Data shown:
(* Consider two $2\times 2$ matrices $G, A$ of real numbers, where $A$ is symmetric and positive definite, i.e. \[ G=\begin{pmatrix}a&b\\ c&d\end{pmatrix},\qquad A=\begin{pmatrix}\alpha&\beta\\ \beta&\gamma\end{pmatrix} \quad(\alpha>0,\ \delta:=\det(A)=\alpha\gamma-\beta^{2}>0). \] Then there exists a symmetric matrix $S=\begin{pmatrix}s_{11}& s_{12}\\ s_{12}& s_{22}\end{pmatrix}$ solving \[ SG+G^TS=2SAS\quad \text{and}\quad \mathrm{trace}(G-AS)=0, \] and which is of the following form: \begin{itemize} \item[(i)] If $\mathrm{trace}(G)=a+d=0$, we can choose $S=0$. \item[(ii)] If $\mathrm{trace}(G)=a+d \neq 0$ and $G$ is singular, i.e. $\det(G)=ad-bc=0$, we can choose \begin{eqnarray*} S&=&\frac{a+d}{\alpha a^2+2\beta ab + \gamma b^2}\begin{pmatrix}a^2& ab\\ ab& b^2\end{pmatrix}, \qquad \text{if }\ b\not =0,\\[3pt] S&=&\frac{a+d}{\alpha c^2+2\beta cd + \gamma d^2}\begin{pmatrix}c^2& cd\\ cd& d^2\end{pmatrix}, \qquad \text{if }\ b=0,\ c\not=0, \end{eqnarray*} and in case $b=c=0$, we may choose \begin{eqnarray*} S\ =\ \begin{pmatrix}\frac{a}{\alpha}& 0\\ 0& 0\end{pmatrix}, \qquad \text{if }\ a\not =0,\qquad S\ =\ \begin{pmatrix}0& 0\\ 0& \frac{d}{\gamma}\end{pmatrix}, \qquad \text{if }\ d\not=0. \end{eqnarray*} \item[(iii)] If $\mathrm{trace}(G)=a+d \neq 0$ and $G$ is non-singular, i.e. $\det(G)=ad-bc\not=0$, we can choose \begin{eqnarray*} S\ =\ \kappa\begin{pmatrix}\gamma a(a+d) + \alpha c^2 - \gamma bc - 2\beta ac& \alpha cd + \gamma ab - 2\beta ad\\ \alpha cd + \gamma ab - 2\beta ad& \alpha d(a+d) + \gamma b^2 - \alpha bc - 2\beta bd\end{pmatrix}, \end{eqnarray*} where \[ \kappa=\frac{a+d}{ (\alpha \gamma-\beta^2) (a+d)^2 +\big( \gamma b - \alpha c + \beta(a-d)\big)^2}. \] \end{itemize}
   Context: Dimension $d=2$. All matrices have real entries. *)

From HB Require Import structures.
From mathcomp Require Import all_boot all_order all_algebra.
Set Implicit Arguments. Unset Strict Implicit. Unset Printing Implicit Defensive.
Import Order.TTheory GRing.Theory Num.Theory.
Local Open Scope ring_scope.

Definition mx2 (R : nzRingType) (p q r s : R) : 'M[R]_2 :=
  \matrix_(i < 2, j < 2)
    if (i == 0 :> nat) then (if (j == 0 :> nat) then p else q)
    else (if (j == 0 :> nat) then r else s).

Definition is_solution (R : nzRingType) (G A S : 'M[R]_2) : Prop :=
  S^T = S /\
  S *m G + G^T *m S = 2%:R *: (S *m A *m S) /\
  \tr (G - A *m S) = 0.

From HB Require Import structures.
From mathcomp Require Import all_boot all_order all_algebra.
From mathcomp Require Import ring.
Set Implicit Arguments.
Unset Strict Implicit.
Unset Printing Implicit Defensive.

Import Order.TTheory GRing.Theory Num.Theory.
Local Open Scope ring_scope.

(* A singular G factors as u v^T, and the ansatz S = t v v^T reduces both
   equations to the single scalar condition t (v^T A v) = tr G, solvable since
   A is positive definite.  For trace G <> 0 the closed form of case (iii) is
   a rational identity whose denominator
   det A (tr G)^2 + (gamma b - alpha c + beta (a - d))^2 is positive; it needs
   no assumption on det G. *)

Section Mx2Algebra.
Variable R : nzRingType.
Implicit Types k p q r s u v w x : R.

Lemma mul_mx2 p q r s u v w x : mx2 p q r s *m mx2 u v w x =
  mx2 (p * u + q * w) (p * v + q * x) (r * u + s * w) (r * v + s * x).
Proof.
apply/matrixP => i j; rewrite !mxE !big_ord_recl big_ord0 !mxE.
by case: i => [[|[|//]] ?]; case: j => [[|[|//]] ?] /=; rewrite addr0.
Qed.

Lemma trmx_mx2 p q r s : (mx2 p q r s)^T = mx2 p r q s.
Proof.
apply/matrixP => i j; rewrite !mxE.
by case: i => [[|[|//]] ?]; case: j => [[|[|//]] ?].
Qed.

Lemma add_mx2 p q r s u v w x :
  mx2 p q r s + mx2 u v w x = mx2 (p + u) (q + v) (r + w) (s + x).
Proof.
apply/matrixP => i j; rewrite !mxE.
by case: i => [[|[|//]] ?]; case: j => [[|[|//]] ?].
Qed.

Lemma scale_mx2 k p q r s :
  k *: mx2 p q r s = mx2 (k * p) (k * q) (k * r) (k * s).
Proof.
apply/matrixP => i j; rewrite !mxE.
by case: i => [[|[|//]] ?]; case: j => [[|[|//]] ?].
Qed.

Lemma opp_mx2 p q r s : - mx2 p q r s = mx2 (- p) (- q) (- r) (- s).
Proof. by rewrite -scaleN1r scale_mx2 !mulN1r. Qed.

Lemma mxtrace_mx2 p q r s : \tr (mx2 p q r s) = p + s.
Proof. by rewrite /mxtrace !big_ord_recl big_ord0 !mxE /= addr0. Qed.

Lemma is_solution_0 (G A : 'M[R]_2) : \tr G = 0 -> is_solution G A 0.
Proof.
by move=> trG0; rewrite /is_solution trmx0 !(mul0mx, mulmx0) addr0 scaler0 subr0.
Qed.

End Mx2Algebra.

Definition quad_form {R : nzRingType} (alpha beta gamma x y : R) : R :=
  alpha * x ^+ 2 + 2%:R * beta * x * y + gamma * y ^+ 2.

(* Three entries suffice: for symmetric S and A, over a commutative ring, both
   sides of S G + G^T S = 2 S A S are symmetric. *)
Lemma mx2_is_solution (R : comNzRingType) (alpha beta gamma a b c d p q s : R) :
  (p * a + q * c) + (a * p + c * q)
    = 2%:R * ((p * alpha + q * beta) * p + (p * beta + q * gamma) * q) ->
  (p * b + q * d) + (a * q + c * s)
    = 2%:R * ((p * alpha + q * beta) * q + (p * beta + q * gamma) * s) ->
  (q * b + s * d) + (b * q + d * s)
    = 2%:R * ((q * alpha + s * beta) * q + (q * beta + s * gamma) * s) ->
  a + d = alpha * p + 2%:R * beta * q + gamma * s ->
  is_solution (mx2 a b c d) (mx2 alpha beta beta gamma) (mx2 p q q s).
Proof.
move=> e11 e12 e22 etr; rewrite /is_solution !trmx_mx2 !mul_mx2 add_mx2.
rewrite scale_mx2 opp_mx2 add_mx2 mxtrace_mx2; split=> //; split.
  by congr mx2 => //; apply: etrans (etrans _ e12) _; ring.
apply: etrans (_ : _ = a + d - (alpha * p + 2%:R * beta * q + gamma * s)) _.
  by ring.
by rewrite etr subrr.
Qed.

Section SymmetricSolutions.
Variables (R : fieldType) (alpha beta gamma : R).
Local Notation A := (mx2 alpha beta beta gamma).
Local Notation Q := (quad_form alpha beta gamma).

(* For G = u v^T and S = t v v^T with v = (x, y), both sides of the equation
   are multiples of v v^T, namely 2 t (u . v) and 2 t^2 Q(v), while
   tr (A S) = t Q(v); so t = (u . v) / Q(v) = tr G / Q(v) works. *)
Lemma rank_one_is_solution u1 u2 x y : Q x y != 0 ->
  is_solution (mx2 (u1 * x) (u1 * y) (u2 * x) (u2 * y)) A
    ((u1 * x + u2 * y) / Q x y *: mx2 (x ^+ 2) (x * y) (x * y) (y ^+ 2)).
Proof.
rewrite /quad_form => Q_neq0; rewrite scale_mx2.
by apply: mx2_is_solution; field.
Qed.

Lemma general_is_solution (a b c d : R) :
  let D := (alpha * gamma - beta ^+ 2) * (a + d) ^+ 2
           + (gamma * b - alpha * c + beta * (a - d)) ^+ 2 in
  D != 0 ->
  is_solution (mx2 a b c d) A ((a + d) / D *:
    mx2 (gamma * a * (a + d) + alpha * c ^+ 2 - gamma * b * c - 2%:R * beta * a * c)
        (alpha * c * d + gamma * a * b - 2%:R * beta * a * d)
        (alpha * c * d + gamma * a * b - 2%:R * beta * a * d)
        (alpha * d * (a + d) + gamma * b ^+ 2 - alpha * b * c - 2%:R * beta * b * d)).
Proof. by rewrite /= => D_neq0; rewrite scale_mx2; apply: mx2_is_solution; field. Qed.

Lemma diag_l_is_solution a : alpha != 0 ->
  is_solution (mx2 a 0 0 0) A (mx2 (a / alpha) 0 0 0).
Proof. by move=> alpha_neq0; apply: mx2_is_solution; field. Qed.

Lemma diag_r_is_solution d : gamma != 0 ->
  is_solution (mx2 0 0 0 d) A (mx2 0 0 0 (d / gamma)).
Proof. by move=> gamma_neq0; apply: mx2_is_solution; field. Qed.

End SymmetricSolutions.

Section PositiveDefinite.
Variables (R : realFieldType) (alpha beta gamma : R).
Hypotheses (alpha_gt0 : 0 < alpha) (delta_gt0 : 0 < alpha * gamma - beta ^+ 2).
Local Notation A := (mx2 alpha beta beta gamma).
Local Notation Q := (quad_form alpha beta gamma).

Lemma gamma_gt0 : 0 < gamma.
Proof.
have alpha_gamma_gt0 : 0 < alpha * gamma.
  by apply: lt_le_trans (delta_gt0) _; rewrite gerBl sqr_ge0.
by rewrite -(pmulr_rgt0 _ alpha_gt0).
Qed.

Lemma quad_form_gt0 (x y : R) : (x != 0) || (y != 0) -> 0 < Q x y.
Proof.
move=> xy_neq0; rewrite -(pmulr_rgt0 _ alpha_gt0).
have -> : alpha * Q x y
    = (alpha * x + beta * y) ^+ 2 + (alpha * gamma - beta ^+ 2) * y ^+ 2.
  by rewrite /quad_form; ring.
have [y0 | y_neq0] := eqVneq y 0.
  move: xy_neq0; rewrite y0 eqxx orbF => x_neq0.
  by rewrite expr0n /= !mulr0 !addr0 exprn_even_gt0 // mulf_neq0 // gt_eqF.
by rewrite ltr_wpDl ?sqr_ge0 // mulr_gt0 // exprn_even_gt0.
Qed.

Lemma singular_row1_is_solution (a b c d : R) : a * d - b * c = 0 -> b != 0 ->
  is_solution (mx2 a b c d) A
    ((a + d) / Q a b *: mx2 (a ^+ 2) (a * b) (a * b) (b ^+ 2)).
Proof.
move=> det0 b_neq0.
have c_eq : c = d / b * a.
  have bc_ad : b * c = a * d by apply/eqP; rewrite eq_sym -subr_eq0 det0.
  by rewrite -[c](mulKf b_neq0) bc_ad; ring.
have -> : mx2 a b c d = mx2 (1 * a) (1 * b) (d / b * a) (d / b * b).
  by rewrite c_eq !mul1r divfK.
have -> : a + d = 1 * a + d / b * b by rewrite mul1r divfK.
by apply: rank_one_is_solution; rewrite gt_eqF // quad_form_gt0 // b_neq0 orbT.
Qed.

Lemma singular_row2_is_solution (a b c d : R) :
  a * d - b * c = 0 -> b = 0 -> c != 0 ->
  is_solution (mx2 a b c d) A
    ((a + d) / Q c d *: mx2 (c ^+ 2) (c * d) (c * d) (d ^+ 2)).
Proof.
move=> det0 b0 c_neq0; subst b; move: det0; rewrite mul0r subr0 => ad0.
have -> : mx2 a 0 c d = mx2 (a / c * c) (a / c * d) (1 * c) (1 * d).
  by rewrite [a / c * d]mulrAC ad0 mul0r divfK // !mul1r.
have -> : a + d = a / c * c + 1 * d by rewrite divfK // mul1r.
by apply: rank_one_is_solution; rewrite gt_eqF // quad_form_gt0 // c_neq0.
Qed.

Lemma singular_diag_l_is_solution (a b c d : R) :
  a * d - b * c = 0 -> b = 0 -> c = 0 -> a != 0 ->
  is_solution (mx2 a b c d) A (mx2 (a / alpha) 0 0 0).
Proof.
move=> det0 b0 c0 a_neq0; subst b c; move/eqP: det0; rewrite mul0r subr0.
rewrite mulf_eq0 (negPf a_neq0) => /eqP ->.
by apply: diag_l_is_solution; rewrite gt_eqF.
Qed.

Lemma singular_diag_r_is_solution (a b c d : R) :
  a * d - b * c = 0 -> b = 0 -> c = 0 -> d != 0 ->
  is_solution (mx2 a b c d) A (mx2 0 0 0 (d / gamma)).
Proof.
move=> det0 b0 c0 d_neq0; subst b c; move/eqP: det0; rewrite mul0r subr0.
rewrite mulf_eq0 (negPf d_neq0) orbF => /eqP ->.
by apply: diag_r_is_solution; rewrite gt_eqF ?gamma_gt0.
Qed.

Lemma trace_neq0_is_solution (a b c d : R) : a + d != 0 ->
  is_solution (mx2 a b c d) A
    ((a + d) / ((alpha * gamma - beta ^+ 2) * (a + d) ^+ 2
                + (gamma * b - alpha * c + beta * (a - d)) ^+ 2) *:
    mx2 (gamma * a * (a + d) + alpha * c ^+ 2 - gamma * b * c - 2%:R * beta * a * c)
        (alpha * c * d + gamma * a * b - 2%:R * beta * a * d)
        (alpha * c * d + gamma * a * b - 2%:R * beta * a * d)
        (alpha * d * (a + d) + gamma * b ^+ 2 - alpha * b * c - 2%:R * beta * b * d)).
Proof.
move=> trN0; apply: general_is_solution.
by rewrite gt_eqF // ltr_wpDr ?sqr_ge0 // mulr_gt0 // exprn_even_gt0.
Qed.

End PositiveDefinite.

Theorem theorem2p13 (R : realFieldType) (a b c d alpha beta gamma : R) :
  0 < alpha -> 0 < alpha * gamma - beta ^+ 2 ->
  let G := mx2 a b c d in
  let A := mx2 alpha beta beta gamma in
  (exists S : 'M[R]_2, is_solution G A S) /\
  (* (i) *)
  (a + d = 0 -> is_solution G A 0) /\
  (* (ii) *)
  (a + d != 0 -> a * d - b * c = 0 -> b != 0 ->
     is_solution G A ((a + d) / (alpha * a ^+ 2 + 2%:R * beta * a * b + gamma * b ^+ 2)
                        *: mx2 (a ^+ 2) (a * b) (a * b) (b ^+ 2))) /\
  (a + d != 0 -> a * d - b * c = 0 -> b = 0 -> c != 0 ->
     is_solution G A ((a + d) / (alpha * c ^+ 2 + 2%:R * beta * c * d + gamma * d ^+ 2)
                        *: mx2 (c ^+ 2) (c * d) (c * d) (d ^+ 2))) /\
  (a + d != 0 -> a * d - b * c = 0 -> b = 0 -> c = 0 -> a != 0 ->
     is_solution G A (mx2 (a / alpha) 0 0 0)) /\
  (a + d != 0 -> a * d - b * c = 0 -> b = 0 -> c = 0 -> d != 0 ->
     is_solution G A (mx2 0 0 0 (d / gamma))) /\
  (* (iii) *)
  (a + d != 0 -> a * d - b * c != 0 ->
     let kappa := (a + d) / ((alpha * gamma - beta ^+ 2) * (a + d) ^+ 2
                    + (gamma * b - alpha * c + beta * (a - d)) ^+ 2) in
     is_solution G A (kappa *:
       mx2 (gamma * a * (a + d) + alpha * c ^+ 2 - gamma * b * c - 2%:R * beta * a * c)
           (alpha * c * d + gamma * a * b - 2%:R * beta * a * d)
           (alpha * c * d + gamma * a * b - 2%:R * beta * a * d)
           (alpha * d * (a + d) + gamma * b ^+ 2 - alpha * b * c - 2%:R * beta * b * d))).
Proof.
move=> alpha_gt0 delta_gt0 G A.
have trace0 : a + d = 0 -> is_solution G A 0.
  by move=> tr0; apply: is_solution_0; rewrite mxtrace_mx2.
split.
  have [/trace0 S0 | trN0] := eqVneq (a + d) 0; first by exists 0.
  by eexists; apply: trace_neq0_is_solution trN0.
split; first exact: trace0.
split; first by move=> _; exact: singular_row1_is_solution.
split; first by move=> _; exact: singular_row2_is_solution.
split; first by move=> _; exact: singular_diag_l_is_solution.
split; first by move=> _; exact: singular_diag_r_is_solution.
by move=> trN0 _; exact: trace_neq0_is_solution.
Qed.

Work instructions:
In the listing above, find the line with "by congr mx2" and the line with "by apply: lt_le_trans", then print exactly those lines and every line between them.

Answer section:
  by congr mx2 => //; apply: etrans (etrans _ e12) _; ring.
apply: etrans (_ : _ = a + d - (alpha * p + 2%:R * beta * q + gamma * s)) _.
  by ring.
by rewrite etr subrr.
Qed.

Section SymmetricSolutions.
Variables (R : fieldType) (alpha beta gamma : R).
Local Notation A := (mx2 alpha beta beta gamma).
Local Notation Q := (quad_form alpha beta gamma).

(* For G = u v^T and S = t v v^T with v = (x, y), both sides of the equation
   are multiples of v v^T, namely 2 t (u . v) and 2 t^2 Q(v), while
   tr (A S) = t Q(v); so t = (u . v) / Q(v) = tr G / Q(v) works. *)
Lemma rank_one_is_solution u1 u2 x y : Q x y != 0 ->
  is_solution (mx2 (u1 * x) (u1 * y) (u2 * x) (u2 * y)) A
    ((u1 * x + u2 * y) / Q x y *: mx2 (x ^+ 2) (x * y) (x * y) (y ^+ 2)).
Proof.
rewrite /quad_form => Q_neq0; rewrite scale_mx2.
by apply: mx2_is_solution; field.
Qed.

Lemma general_is_solution (a b c d : R) :
  let D := (alpha * gamma - beta ^+ 2) * (a + d) ^+ 2
           + (gamma * b - alpha * c + beta * (a - d)) ^+ 2 in
  D != 0 ->
  is_solution (mx2 a b c d) A ((a + d) / D *:
    mx2 (gamma * a * (a + d) + alpha * c ^+ 2 - gamma * b * c - 2%:R * beta * a * c)
        (alpha * c * d + gamma * a * b - 2%:R * beta * a * d)
        (alpha * c * d + gamma * a * b - 2%:R * beta * a * d)
        (alpha * d * (a + d) + gamma * b ^+ 2 - alpha * b * c - 2%:R * beta * b * d)).
Proof. by rewrite /= => D_neq0; rewrite scale_mx2; apply: mx2_is_solution; field. Qed.

Lemma diag_l_is_solution a : alpha != 0 ->
  is_solution (mx2 a 0 0 0) A (mx2 (a / alpha) 0 0 0).
Proof. by move=> alpha_neq0; apply: mx2_is_solution; field. Qed.

Lemma diag_r_is_solution d : gamma != 0 ->
  is_solution (mx2 0 0 0 d) A (mx2 0 0 0 (d / gamma)).
Proof. by move=> gamma_neq0; apply: mx2_is_solution; field. Qed.

End SymmetricSolutions.

Section PositiveDefinite.
Variables (R : realFieldType) (alpha beta gamma : R).
Hypotheses (alpha_gt0 : 0 < alpha) (delta_gt0 : 0 < alpha * gamma - beta ^+ 2).
Local Notation A := (mx2 alpha beta beta gamma).
Local Notation Q := (quad_form alpha beta gamma).

Lemma gamma_gt0 : 0 < gamma.
Proof.
have alpha_gamma_gt0 : 0 < alpha * gamma.
  by apply: lt_le_trans (delta_gt0) _; rewrite gerBl sqr_ge0.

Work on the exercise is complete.